Origin of sawtooth domain walls in ferroelectrics
J. Zhang, Y.-J. Wang, J. Liu, J. Xu, D. Wang, L. Wang, and X.-L. Ma, C.-L. Jia, L. Bellaiche

TL;DR
This paper investigates the origin of sawtooth-shaped domain walls in ferroelectric materials like BiFeO3 and PbTiO3, revealing that the interplay between Coulomb and short-range interactions causes their formation and influences their periodicity.
Contribution
A minimal model combined with Monte-Carlo simulations explains the formation and periodicity of sawtooth domain walls in ferroelectrics, highlighting the role of competing interactions.
Findings
Competition between Coulomb and short-range interactions causes sawtooth domain walls.
Relative strength of interactions determines the periodicity of the domain walls.
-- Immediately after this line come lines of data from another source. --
Lemma nonzeros_sub_max_abelian_normal G A L : is_subgroup G -> metabelian G ->
  max_abelian_normal A G -> is_divsubring L -> normalizes G L ->
  subset_pr (nonzeros L) G -> subset_pr A L -> subset_pr (nonzeros L) A.
Proof.
move=> hG hGmet [[hA _ _] _ hAmax] hL hLn hLG hAL.
have hLnormal : normal_sub (nonzeros L) G.
  split=> [|//|g x hg [hx hx0]]; first exact: subgroup_nonzeros.
  split; first exact: hLn.
  have hgu := subgroup_unit hG hg.
  by apply: unitr_neq0; rewrite unitrMl // unitrMr ?unitrV // hdiv.
have hLab : abelian_set (nonzeros L).
  by move=> x y [hx _] [hy _]; apply: (divsubring_abelian_of_metabelian hG hGmet hL hLG).
have hAL' : subset_pr A (nonzeros L).
  by move=> a ha; split; [exact: hAL | apply: unitr_neq0; exact: subgroup_unit hA ha].
by move=> x hx; have [+ _] := hAmax _ hLnormal hLab hAL' x; apply.
Qed.

Lemma derived_comm_max_abelian_normal G A : maximal_subgroup G -> metabelian G ->
  max_abelian_normal A G -> forall d a, derived G d -> A a -> GRing.comm d a.
Proof.
move=> hGmax hGmet [[_ _ hAn] hAab _] d a hd ha; have [hG _ _] := hGmax.
have hAC : centralizer A a by move=> a' ha'; apply: hAab.
have hCn : normalizes G (centralizer A) by apply: normalizes_centralizer.
have [hCG | hCc | hCall] :=
  divsubring_normalized_by_maximal hGmax (divsubring_centralizer A) hCn.
- exact: (divsubring_comm_abelian_normalized hG hGmet (normalizes_derived hG)
    (divsubring_centralizer A) hCG).
- by apply/commr_sym; apply: hCc.
- exact: hCall.
Qed.

Lemma derived_sub_max_abelian_normal G A : maximal_subgroup G -> metabelian G ->
  max_abelian_normal A G -> subset_pr (derived G) A.
Proof.
move=> hGmax hGmet hA; have [hG _ _] := hGmax; have [hAnormal hAab hAmax] := hA.
have hDA := derived_comm_max_abelian_normal hGmax hGmet hA.
have hDnormal : normal_sub (derived G) G.
  by split; [exact: subgroup_derived | exact: derived_sub | exact: normalizes_derived].
have hDAnormal := normal_prodset hG hDnormal hAnormal hDA.
have hDAab := abelian_prodset hGmet hAab hDA.
have hADA : subset_pr A (prodset (derived G) A).
  by move=> a ha; exists 1, a; rewrite mul1r; split=> //; case: (subgroup_derived hG).
move=> d hd; have [+ _] := hAmax _ hDAnormal hDAab hADA d; apply.
by exists d, 1; rewrite mulr1; split=> //; case: hAnormal => -[].
Qed.

End DivisionRing.

Theorem proposition2p7 (R : unitRingType) (hdiv : is_divring R)
  (hnc : exists x y : R, x * y != y * x)
  (M A N : R -> Prop)
  (hMmax : maximal_subgroup M) (hMirr : irreducible M)
  (hMmet : metabelian M) (hMls : locally_solvable M)
  (hA : max_abelian_normal A M)
  (hN : is_subgroup N) (hNM : subset_pr N M)
  (hAN : subset_pr A N) (hNA : ~ subset_pr N A) :
  irreducible N.
Proof.
have [hM _ _] := hMmax; have [_ _ hAmax] := hA.
have hDA := derived_sub_max_abelian_normal hdiv hMmax hMmet hA.
have hNnormal : normal_sub N M.
  by apply: normal_of_derived_sub => // d hd; apply: hAN; apply: hDA.
pose S y := center y \/ N y; pose L := divsubring_gen S.
have hL : is_divsubring L := divsubring_gen_divsubring S.
have hNL : subset_pr N L by move=> n hn; apply: divsubring_gen_sub; right.
have hLn : normalizes M L.
  have hMu : subset_pr M (@units_set R) by move=> m; apply: subgroup_unit hM.
  apply: normalizes_divsubring_gen => // m y hm [hy | hy].
    by left; exact: normalizes_center hMu _ _ hm hy.
  by right; case: hNnormal => _ _; apply.
have [hLM | hLc | //] := divsubring_normalized_by_maximal hdiv hMmax hL hLn.
- case: hNA => n hn.
  apply: (nonzeros_sub_max_abelian_normal hdiv hM hMmet hA hL hLn hLM).
    by move=> a ha; apply: hNL; apply: hAN.
  by split; [apply: hNL | apply: unitr_neq0; apply: subgroup_unit hN hn].
- case: hNA => n hn.
  have hNab : abelian_set N by move=> x y hx hy; apply: (hLc x); apply: hNL.
  by have [+ _] := hAmax N hNnormal hNab hAN n; apply.
Qed.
Conditions for the formation of such domain walls are identified.
Abstract
Domains and domain walls are among the key factors that determine the performance of ferroelectric materials. In recent years, a unique type of domain walls, i.e., the sawtooth-shaped domain walls, has been observed in BiFeO and PbTiO. Here, we build a minimal model to reveal the origin of these sawtooth-shaped domain walls. Incorporating this model into Monte-Carlo simulations shows that (i) the competition between the long-range Coulomb interaction (due to bound charges) and short-range interaction (due to opposite dipoles) is responsible for the formation of these peculiar domain walls and (ii) their relative strength is critical in determining the periodicity of these sawtooth-shaped domain walls. Necessary conditions to form such domain walls are also discussed.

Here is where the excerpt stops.